Then we define our different placeholders and generate our actor networks :

In [None]:
# Experience placeholders
state_ph = tf.placeholder(dtype=tf.float32, shape=[None, STATE_SIZE])
action_ph = tf.placeholder(dtype=tf.float32, shape=[None, ACTION_SIZE])
reward_ph = tf.placeholder(dtype=tf.float32, shape=[None])
next_state_ph = tf.placeholder(dtype=tf.float32, shape=[None, STATE_SIZE])
is_not_terminal_ph = tf.placeholder(dtype=tf.float32, shape=[None])

# Main actor network
with tf.variable_scope('actor'):
    actions = generate_actor_network(state_ph, trainable=True, reuse=False)

# Target actor network
with tf.variable_scope('slow_target_actor', reuse=False):
    # tf.stop_gradient is an insurance that the network won't be affected by the gradient descent
    target_next_actions = tf.stop_gradient(
        generate_actor_network(next_state_ph, trainable=False, reuse=False))

The generation of the critic networks is trickier : for the main network, we call the `generate` function twice, once to compute the Q-Value of the actions that we actually took $Q(s, a)$, and once to compute the Q-Value of the actions that our actor network would have chosen $Q(s, Actor(s))$ (used to train the actor network).<br/>
For the temporal difference, like in SARSA, the target network predicts the Q-Value of the next state we were in and the action that the actor would have taken in that state $Q_{target}(s', a')$.

In [None]:
# Main critic network
with tf.variable_scope('critic') as scope:
    
    # Critic applied to state_ph and action_ph (to train critic as usual)
    q_values_of_given_actions = generate_critic_network(
        state_ph, action_ph, trainable=True, reuse=False)
    
    # Critic applied to state_ph and the current policy's outputted
    # actions for state_ph (to train actor)
    q_values_of_suggested_actions = generate_critic_network(
        state_ph, actions, trainable=True, reuse=True)

# Target critic network
with tf.variable_scope('slow_target_critic', reuse=False):
    # Target critic applied to target actor's outputted
    # actions for next_state_ph (to train critic)
    q_values_next = tf.stop_gradient(
        generate_critic_network(next_state_ph,
                                target_next_actions,
                                trainable=False, reuse=False))
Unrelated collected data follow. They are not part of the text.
Lemma dot_eq0 u : (dot u u == 0) = (u == 0).
Proof.
apply/eqP/eqP => [|->]; last exact: dot0r.
coords => uu0; apply: vec3P; rewrite mxE; nra.
Qed.

Lemma dot_gt0 u : (0 < dot u u) = (u != 0).
Proof. by rewrite lt_neqAle dot_ge0 andbT eq_sym dot_eq0. Qed.

Lemma on_sphere_neq0 u : on_sphere u -> u != 0.
Proof. by rewrite -dot_eq0 => ->; rewrite oner_eq0. Qed.

Lemma on_sphereN u : on_sphere u -> on_sphere (- u).
Proof. by rewrite /on_sphere dotNl dotNr opprK. Qed.

Lemma on_sphere_scale x y c : on_sphere x -> on_sphere y -> x = c *: y -> x = y \/ x = - y.
Proof.
rewrite /on_sphere => hx hy xE; move: hx.
rewrite xE dotZl dotZr hy mulr1 -expr2 => /eqP; rewrite sqrf_eq1 => /orP[]/eqP ->.
- by left; rewrite scale1r.
- by right; rewrite scaleN1r.
Qed.

Lemma dot_comb u v a b : on_sphere u -> on_sphere v ->
  dot (a *: u + b *: v) (a *: u + b *: v) = a ^+ 2 + b ^+ 2 + 2 * a * b * dot u v.
Proof.
have -> : dot (a *: u + b *: v) (a *: u + b *: v) =
    a ^+ 2 * dot u u + b ^+ 2 * dot v v + 2 * a * b * dot u v by coords; ring.
by move=> -> ->; rewrite !mulr1.
Qed.

Lemma dot_lt1 u v : on_sphere u -> on_sphere v -> u != v -> dot u v < 1.
Proof.
move=> hu hv uv.
have : 0 < dot (1 *: u + (-1) *: v) (1 *: u + (-1) *: v).
  by rewrite dot_gt0 scale1r scaleN1r subr_eq0.
rewrite dot_comb //; lra.
Qed.

Lemma dot_gtN1 u v : on_sphere u -> on_sphere v -> u != - v -> -1 < dot u v.
Proof. by move=> hu /on_sphereN hv /(dot_lt1 hu hv); rewrite dotNr; lra. Qed.

Lemma comb_neq0 u v a b : on_sphere u -> on_sphere v -> u != - v ->
  0 <= a -> 0 <= b -> 0 < a + b -> a *: u + b *: v != 0.
Proof.
move=> hu hv uv a0 b0 ab0; rewrite -dot_gt0 dot_comb //.
have d1 := dot_gtN1 hu hv uv; have [ab|] := eqVneq (a * b) 0; first by nra.
rewrite mulf_eq0 negb_or => /andP[an0 bn0].
have : 0 < a * b * (1 + dot u v) by rewrite !mulr_gt0 ?lt_def ?an0 ?bn0 //; lra.
have := sqr_ge0 (a - b); nra.
Qed.
(* Let $\Phi$ be a real, additive gain graph on $\{1,\dots,n\}$ with edge set $E$ and let $\mathbf{Q}\in(\mathbb{E}^d)^n$. If $\mathbf{Q}$ has ideal general position and, for every edge set $S\subseteq E$ that is a forest with $d+1$ edges, $\bigcap_{e\in S}h(e)=\emptyset$ in $\mathcal{H}(\Phi;\mathbf{Q})$, then $\mathbf{Q}$ has general position with respect to $\Phi$.
   Context: A real, additive gain graph $\Phi$ on $V=\{1,\dots,n\}$: finite graph with edge set $E$ (multiple edges allowed, every edge with two distinct endpoints) and gains $\phi(e;i,j)\in\mathbb{R}$ with $\phi(e;j,i)=-\phi(e;i,j)$. $S\subseteq E$ is balanced if every circle in $S$ has gain sum $0$ (read consistently); a forest is an edge set containing no circle; $c(S)$ counts components of $(V,S)$, isolated vertices included. With $\psi_{ij}(P)=d(P,Q_i)^2-d(P,Q_j)^2$, $\mathcal{H}(\Phi;\mathbf{Q})$ consists of the hyperplanes $h(e)=\{P:\psi_{ij}(P)=\phi(e;i,j)\}$ for edges $e$ with endpoints $i,j$. $\mathcal{L}(\mathcal{H})$: nonempty intersections of subsets of $\mathcal{H}$ (including $\mathbb{E}^d$) ordered by reverse inclusion; $E(s)=\{e:h(e)\supseteq s\}$. Ideal general position: the points are distinct and, with $\mathbb{E}^d\subset\mathbb{P}^d$, $h_\infty$ the ideal hyperplane and $p_{ij}$ the ideal point of line $Q_iQ_j$, for every set $T$ of unordered pairs the projective span of $\{p_{ij}:\{i,j\}\in T\}$ has dimension $\min(n-c(T),d)-1$, $c(T)$ being the number of components of $(\{1,\dots,n\},T)$. A balanced flat is a balanced $S\subseteq E$ such that every $e\notin S$ with both endpoints in one component of $(V,S)$ makes $S\cup\{e\}$ unbalanced; rank $n-c(S)$. General position with respect to $\Phi$: $s\mapsto E(s)$ is a poset isomorphism from $\mathcal{L}(\mathcal{H}(\Phi;\mathbf{Q}))$ onto the poset (by inclusion) of balanced flats of rank at most $d$. *)

From HB Require Import structures.
From mathcomp Require Import all_boot all_order all_algebra.
From mathcomp Require Import boolp reals.
Set Implicit Arguments. Unset Strict Implicit. Unset Printing Implicit Defensive.
Import Order.TTheory GRing.Theory Num.Theory.
Local Open Scope ring_scope.

Section GainGraph.
Variables (R : realType) (n d : nat) (E : finType)
          (src dst : E -> 'I_n) (phi : E -> R).
(* An edge e has endpoints src e, dst e and gain phi(e; src e, dst e) = phi e;
   phi(e; dst e, src e) = - phi e. *)

(* A dart: an edge together with an orientation (true = src -> dst). *)
Definition dtail (a : E * bool) : 'I_n := if a.2 then src a.1 else dst a.1.
Definition dhead (a : E * bool) : 'I_n := if a.2 then dst a.1 else src a.1.
Definition dgain (a : E * bool) : R := if a.2 then phi a.1 else - phi a.1.

Definition circle (S : {set E}) (c : seq (E * bool)) : Prop :=
  [/\ (2 <= size c)%N, uniq (map fst c), {subset map fst c <= S},
      uniq (map dtail c) & cycle (fun a b => dhead a == dtail b) c].

Definition balanced (S : {set E}) : Prop :=
  forall c, circle S c -> \sum_(a <- c) dgain a = 0.

Definition forest (S : {set E}) : Prop := forall c, ~ circle S c.

Definition adjE (S : {set E}) : rel 'I_n :=
  fun i j => [exists e in S, ((src e == i) && (dst e == j))
                          || ((src e == j) && (dst e == i))].
Definition ncompE (S : {set E}) : nat := n_comp (adjE S) predT.
Definition rankE (S : {set E}) : nat := (n - ncompE S)%N.

Definition balanced_flat (F : {set E}) : Prop :=
  balanced F /\
  forall e, e \notin F -> connect (adjE F) (src e) (dst e) ->
    ~ balanced (e |: F).

Variable Q : 'I_n -> 'rV[R]_d.

Definition sqdist (P X : 'rV[R]_d) : R := \sum_(k < d) (P 0 k - X 0 k) ^+ 2.
Definition psi (i j : 'I_n) (P : 'rV[R]_d) : R := sqdist P (Q i) - sqdist P (Q j).

Definition hyp (e : E) (P : 'rV[R]_d) : Prop := psi (src e) (dst e) P = phi e.

Definition inter (A : {set E}) (P : 'rV[R]_d) : Prop :=
  forall e, e \in A -> hyp e P.

Definition inL (s : 'rV[R]_d -> Prop) : Prop :=
  (exists P, s P) /\ exists A : {set E}, forall P, s P <-> inter A P.

Definition Eof (s : 'rV[R]_d -> Prop) : {set E} :=
  [set e | `[< forall P, s P -> hyp e P >]].

(* s |-> E(s) is a poset isomorphism from L(H) (reverse inclusion) onto the
   balanced flats of rank <= d (inclusion). *)
Definition general_position : Prop :=
  [/\ (forall s, inL s -> balanced_flat (Eof s) /\ (rankE (Eof s) <= d)%N),
      (forall F, balanced_flat F -> (rankE F <= d)%N ->
         exists s, inL s /\ Eof s = F) &
      (forall s t, inL s -> inL t ->
         ((forall P, t P -> s P) <-> Eof s \subset Eof t))].

End GainGraph.

Section Ideal.
Variables (R : realType) (n d : nat) (Q : 'I_n -> 'rV[R]_d).

(* T : a set of unordered pairs {i,j}, encoded as pairs (i,j) with i < j *)
Definition ncompT (T : {set 'I_n * 'I_n}) : nat :=
  n_comp (fun i j => ((i, j) \in T) || ((j, i) \in T)) predT.

(* The ideal point p_ij of line Q_iQ_j is the direction Q_j - Q_i; the
   projective span of a set of ideal points has dimension (rank of the
   linear span of the directions) - 1. *)
Definition ideal_general_position : Prop :=
  injective Q /\
  forall T : {set 'I_n * 'I_n}, (forall p, p \in T -> p.1 < p.2)%N ->
    \rank (\sum_(p in T) <<Q p.2 - Q p.1>>)%MS = minn (n - ncompT T) d.

End Ideal.

From Pilot Require Import Defs.
From HB Require Import structures.
From mathcomp Require Import all_boot all_order all_algebra.
From mathcomp Require Import boolp reals.
From mathcomp Require Import zify ring.
Import Order.TTheory GRing.Theory Num.Theory.
Local Open Scope ring_scope.
Set Implicit Arguments. Unset Strict Implicit. Unset Printing Implicit Defensive.

(* On a point P common to the hyperplanes of an edge set, the gain of an edge
   from i to j equals f i - f j with f k = |P - Q_k|^2, so gains telescope to 0
   around circles: E(s) is balanced, and it is closed because a circle through
   e and E(s) forces every point of s onto h(e).  Conversely psi_ij is affine
   with linear part 2 <P, Q_j - Q_i>, and ideal general position makes these
   directions independent along a forest of at most d edges, so the hyperplanes
   of such a forest meet for any prescribed gains.  For a balanced flat F of rank
   at most d a spanning forest then gives a point of the intersection of F; an
   edge e outside F containing this intersection must join two components of F,
   and adding it to the spanning forest gives either a forest of at most d edges,
   whose gain on e can be perturbed, or one of d + 1 edges whose hyperplanes
   meet, which is excluded. *)

Lemma finset_ind (T : finType) (P : {set T} -> Prop) :
  P set0 -> (forall (x : T) (A : {set T}), x \notin A -> P A -> P (x |: A)) ->
  forall A, P A.
Proof.
move=> P0 PU A; elim: {A}_.+1 {-2}A (ltnSn #|A|) => // k IHk A.
have [-> //|[x xA]] := set_0Vmem A; rewrite (cardsD1 x) xA ltnS => ltAk.
by rewrite -(setD1K xA); apply: PU (IHk _ ltAk); rewrite setD11.
Qed.

Lemma exists_subset_card (T : finType) (A : {set T}) k : (k <= #|A|)%N ->
  exists B : {set T}, B \subset A /\ #|B| = k.
Proof.
move=> kA; exists [set x in take k (enum A)]; split.
  by apply/subsetP => x; rewrite inE => /mem_take; rewrite mem_enum.
by rewrite cardsE (card_uniqP _) ?take_uniq ?enum_uniq // size_takel -?cardE.
Qed.

Section Graph.
Variables (n : nat) (E : finType) (src dst : E -> 'I_n).
Hypothesis loopless : forall e, src e != dst e.

Implicit Types (S F : {set E}) (e : E) (a : E * bool).
Local Notation adj := (adjE src dst).
Local Notation dtail := (dtail src dst).
Local Notation dhead := (dhead src dst).
Local Notation forest := (forest src dst).
Local Notation ncomp := (ncompE src dst).
Local Notation darts_link := (fun a b : E * bool => dhead a == dtail b).

Lemma adjE_sym S : symmetric (adj S).
Proof. by move=> i j; apply/existsP/existsP => -[e He]; exists e; rewrite orbC. Qed.

Lemma connect_adjE_sym S : connect_sym (adj S).
Proof. exact/sym_connect_sym/adjE_sym. Qed.

Lemma adjE_subset S F : S \subset F -> subrel (adj S) (adj F).
Proof.
move=> /subsetP sSF x y /existsP[e /andP[eS He]]; apply/existsP; exists e.
by rewrite sSF.
Qed.

Lemma connect_adjE_subset S F : S \subset F -> subrel (connect (adj S)) (connect (adj F)).
Proof.
by move=> sSF; apply: connect_sub => x y Sxy; apply/connect1/(adjE_subset sSF).
Qed.

Lemma adjE_setU1 e S x y : adj (e |: S) x y =
  ((src e == x) && (dst e == y) || (src e == y) && (dst e == x)) || adj S x y.
Proof.
apply/existsP/orP => [[f /andP[]]|].
  rewrite in_setU1 => /orP[/eqP-> H|fS H]; first by left.
  by right; apply/existsP; exists f; rewrite fS.
case=> [H|/existsP[f /andP[fS H]]]; first by exists e; rewrite setU11.
by exists f; rewrite in_setU1 fS orbT.
Qed.

Lemma adjE_dart S a : a.1 \in S -> adj S (dtail a) (dhead a).
Proof.
move=> aS; apply/existsP; exists a.1; rewrite aS /Defs.dtail /Defs.dhead.
by case: a.2; rewrite !eqxx ?orbT.
Qed.

Lemma connect_dart_path S a0 l : path darts_link a0 l -> {subset map fst l <= S} ->
  connect (adj S) (dhead a0) (dhead (last a0 l)).
Proof.
elim: l a0 => //= b l IHl a0 /andP[/eqP a0b bl] lS.
apply: connect_trans (IHl b bl _); last by move=> x xl; apply: lS; rewrite inE xl orbT.
by rewrite a0b; apply/connect1/adjE_dart/lS/mem_head.
Qed.
Lemma sum_lincomb_fiber r (w : 'rV[vT]_r) (c : vT) :
  (\sum_(a : 'rV[K]_r) (lincomb a w == c)
    = (c \in row_span w) * q ^ (r - \dim (row_span w)))%N.
Proof.
elim: r w c => [|r IH] w c.
  rewrite row_span0 dimv0 memv0 expn0 muln1 eq_sym.
  under eq_bigr do rewrite /lincomb big_ord0.
  by rewrite sum_nat_const card_mx muln0 expn0 mul1n.
rewrite -(row_cons_eta w); set x := w ord0 ord0; set w' := row_tail w.
rewrite big_row_cons exchange_big /=.
under eq_bigr => k _ do under eq_bigr => a _ do
  rewrite lincomb_cons addrC (can2_eq (addrK _) (subrK _)).
under eq_bigr => k _ do rewrite IH.
rewrite row_span_cons dim_add_line.
have [xw'|xw'] /= := boolP (x \in row_span w').
  under eq_bigr => k _ do rewrite rpredBr ?rpredZ //.
  rewrite sum_nat_const cardT -cardE addn0 (addv_idPr _) -?memvE //.
  by rewrite subSn ?dim_row_span_le // expnS mulnCA.
by rewrite -big_distrl /= sum_line_offsets // addn1 subSS.
Qed.

End LinearCombination.

Lemma hc_gt_hdeg (a : hpoly) u mm : (hdeg a < u)%N -> hc a u mm = 0.
Proof. by rewrite /hc => /ltn_geF ->. Qed.

Section QPowers.
Variable q : nat.
Hypothesis q_gt0 : (0 < q)%N.

Local Notation plus_pow r := (qpow q (hX_plus q) r).
Local Notation minus_pow r := (qpow q hX_minus r).

Lemma hdeg_qpow (a : hpoly) r : hdeg a = 1%N -> hdeg (qpow q a r) = r.
Proof. by move=> a1; elim: r => //= r ->; rewrite a1 addn1. Qed.

Lemma hc_qprod_deg1 (b a : hpoly) u mm : hdeg a = 1%N ->
  hc (qprod q b a) u mm = q%:Q ^+ u * hc b u mm * hc a 0 (mm - u%:Z) +
    (if u is u'.+1 then q%:Q ^+ u' * hc b u' mm * hc a 1 (mm - u'%:Z) else 0).
Proof.
move=> a1; rewrite {1}/hc /qprod /= a1.
case: leqP => hu; last first.
  rewrite (@hc_gt_hdeg b u) ?mulr0 ?mul0r ?add0r; last by rewrite (leq_trans _ hu) ?addn1.
  by case: u hu => // u hu; rewrite (@hc_gt_hdeg b u) ?mulr0 ?mul0r // -ltnS -addn1.
rewrite big_ord_recr /= subnn muln1 addrC; congr (_ + _).
case: u hu => [|u] hu; first by rewrite big_ord0.
rewrite big_ord_recr /= muln1 subSn // subnn big1 ?add0r // => i _.
by rewrite (@hc_gt_hdeg a) ?mulr0 // a1; have := ltn_ord i; lia.
Qed.

Lemma hc_plus_pow_succ r u mm :
  hc (plus_pow r.+1) u mm = q%:Q ^+ u * hc (plus_pow r) u mm +
    (if u is u'.+1 then (q%:Q ^ mm - q%:Q ^+ u') * hc (plus_pow r) u' mm else 0).
Proof.
rewrite /= hc_qprod_deg1 //= /hc /= mulr1; congr (_ + _).
case: u => // u.
have qQ0 : q%:Q != 0 by rewrite pnatr_eq0 -lt0n.
have split_exp : q%:Q ^+ u * q%:Q ^ (mm - u%:Z) = q%:Q ^ mm.
  by rewrite -[q%:Q ^+ u]/(q%:Q ^ u%:Z) -expfzDr // addrC subrK.
by rewrite -split_exp; ring.
Qed.

Lemma hc_minus_pow_succ r u mm :
  hc (minus_pow r.+1) u mm = q%:Q ^+ u * hc (minus_pow r) u mm -
    (if u is u'.+1 then q%:Q ^+ u' * hc (minus_pow r) u' mm else 0).
Proof.
rewrite /= hc_qprod_deg1 //= /hc /= mulr1; congr (_ + _).
by case: u => [|u]; rewrite ?oppr0 ?mulrN1.
Qed.

Lemma hc_plus_pow_diag m r : hc (plus_pow r) r m%:Z = (alpha q m r)%:~R.
Proof.
elim: r => [|r IH]; first by rewrite /alpha big_ord0.
rewrite hc_plus_pow_succ hc_gt_hdeg ?hdeg_qpow // mulr0 add0r IH.
by rewrite /alpha big_ord_recr /= rmorphM rmorphB /= mulrC -!pmulrn !natrX.
Qed.

Definition rwe_formula m r u : rat :=
  q%:Q ^ (- (m%:Z)) *
    (hc (plus_pow r) u m%:Z + (q%:Q ^ (m%:Z) - 1) * hc (minus_pow r) u m%:Z).

Lemma rwe_formula0 m u : rwe_formula m 0 u = (u == 0%N)%:R.
Proof.
have qm0 : q%:Q ^ m%:Z != 0 by rewrite expfz_neq0 // pnatr_eq0 -lt0n.
rewrite /rwe_formula /hc /=; case: u => [|u] /=; last by ring.
by rewrite -invr_expz mulr1 addrC subrK mulVf.
Qed.

Lemma rwe_formula_gt m r u : (r < u)%N -> rwe_formula m r u = 0.
Proof.
by move=> ru; rewrite /rwe_formula !hc_gt_hdeg ?hdeg_qpow // mulr0 addr0 mulr0.
Qed.

Lemma rwe_formula_succ m r u :
  rwe_formula m r.+1 u = q%:Q ^+ u * rwe_formula m r u +
    (if u is u'.+1 then hc (plus_pow r) u' m%:Z - q%:Q ^+ u' * rwe_formula m r u'
     else 0).
Proof.
have qm0 : q%:Q ^ m%:Z != 0 by rewrite expfz_neq0 // pnatr_eq0 -lt0n.
rewrite /rwe_formula hc_plus_pow_succ hc_minus_pow_succ -invr_expz.
by case: u => [|u]; field.
Qed.

End QPowers.

Fixpoint full_rank_perp_count (q m r : nat) : int :=
  if r is r'.+1 then alpha q m r' - (q ^ r')%:Z * full_rank_perp_count q m r' else 1.

Lemma rwe_formula_diag q m r : (0 < q)%N ->
  rwe_formula q m r r = (full_rank_perp_count q m r)%:~R.
Proof.
move=> q_gt0; elim: r => [|r IH]; first by rewrite rwe_formula0.
rewrite rwe_formula_succ // rwe_formula_gt // mulr0 add0r hc_plus_pow_diag // IH /=.
by rewrite rmorphB rmorphM /= -[((q ^ r)%N)%:~R]pmulrn natrX.
Qed.

Section RankMetric.
Variables (F : finFieldType) (L : fieldExtType F).
Local Notation LT := (finvect_type L).
Local Notation q := #|F|.
Let q_gt0 : (0 < q)%N := ltnW (card_finNzRing_gt1 F).

Lemma rkE r (w : 'rV[LT]_r) : rk w = \dim (row_span w).
Proof. by []. Qed.

Lemma rk_le r (w : 'rV[LT]_r) : (rk w <= r)%N.
Proof. exact: dim_row_span_le. Qed.

Lemma rk_row_cons r x (w : 'rV[LT]_r) :
  rk (row_cons x w) = (rk w + (x \notin row_span w))%N.
Proof. by rewrite !rkE row_span_cons dim_add_line. Qed.

Lemma card_row_span r (w : 'rV[LT]_r) : #|row_span w| = (q ^ rk w)%N.
Proof. exact: card_vspace. Qed.

Definition num_rank r s : nat := (\sum_(w : 'rV[LT]_r) (rk w == s))%N.

Lemma rk_row0 (w : 'rV[LT]_0) : rk w = 0%N.
Proof. by apply/eqP; rewrite -leqn0 rk_le. Qed.

Definition dot r (u v : 'rV[LT]_r) : LT := \sum_i u ord0 i * v ord0 i.

Definition num_perp_rank r (v : 'rV[LT]_r) s : nat :=
  (\sum_(u : 'rV[LT]_r) ((dot u v == 0%R) && (rk u == s)))%N.

Lemma rwe_coef_perp_lspan r (v : 'rV[LT]_r) s :
  rwe_coef (perp (lspan v)) s = num_perp_rank v s.
Proof.
rewrite /rwe_coef -sum1_card big_mkcond /=; apply: eq_bigr => u _.
rewrite !inE; congr (nat_of_bool (_ && _)).
apply/forallP/eqP => [perp_u | uv0 s'].
  by apply/eqP/(implyP (perp_u v)); apply/imsetP; exists 1; rewrite ?scale1r.
apply/implyP => /imsetP [a _ ->].
under eq_bigr do rewrite mxE mulrCA.
by rewrite -mulr_sumr -[X in a * X]/(dot u v) uv0 mulr0.
Qed.

Lemma dot_row_cons r x y (u v : 'rV[LT]_r) :
  dot (row_cons x u) (row_cons y v) = x * y + dot u v.
Proof.
rewrite /dot big_ord_recl !row_cons0; congr (_ + _).
by apply: eq_bigr => i _; rewrite !row_consS.
Qed.

Definition shift_row r (v : 'rV[LT]_r) (y : LT) (a : 'rV[F]_r) : 'rV[LT]_r :=
  \row_i (v ord0 i + a ord0 i *: y).

Lemma dot_shift_row r (v : 'rV[LT]_r) y a w :
  dot w (shift_row v y a) = dot w v + lincomb a w * y.
Proof.
rewrite /dot /lincomb mulr_suml -big_split /=; apply: eq_bigr => i _.
by rewrite mxE mulrDr -scalerAl scalerAr.
Qed.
We then compute that temporal difference $$TD = r_t + \gamma Q_{target}(s', a') - Q(s, a)$$

In [None]:
# One step TD targets y_i for (s,a) from experience replay
# = r_i + GAMMA * Q_target(s',Actor(s')) if s' is not terminal
# = r_i if s' terminal
targets = tf.expand_dims(reward_ph, 1) + \
          tf.expand_dims(is_not_terminal_ph, 1) * GAMMA * q_values_next

td_errors = targets - q_values_of_given_actions

Last, we compute the loss, apply the gradient descent on our networks and define the operations to update the target networks.

In [None]:
# Isolate vars for each network
actor_vars = tf.get_collection(tf.GraphKeys.TRAINABLE_VARIABLES, scope='actor')
target_actor_vars = tf.get_collection(tf.GraphKeys.GLOBAL_VARIABLES, scope='target_actor')
critic_vars = tf.get_collection(tf.GraphKeys.TRAINABLE_VARIABLES, scope='critic')
target_critic_vars = tf.get_collection(tf.GraphKeys.GLOBAL_VARIABLES, scope='target_critic')


# Critic loss and optimization
critic_loss = tf.reduce_mean(tf.square(td_errors))

critic_trainer = tf.train.AdamOptimizer(CRITIC_LEARNING_RATE)
critic_train_op = critic_trainer.minimize(critic_loss)

# Actor loss and optimization
actor_loss = -1 * tf.reduce_mean(q_values_of_suggested_actions)

actor_trainer = tf.train.AdamOptimizer(ACTOR_LEARNING_RATE)
actor_train_op = actor_trainer.minimize(actor_loss, var_list=self.actor_vars)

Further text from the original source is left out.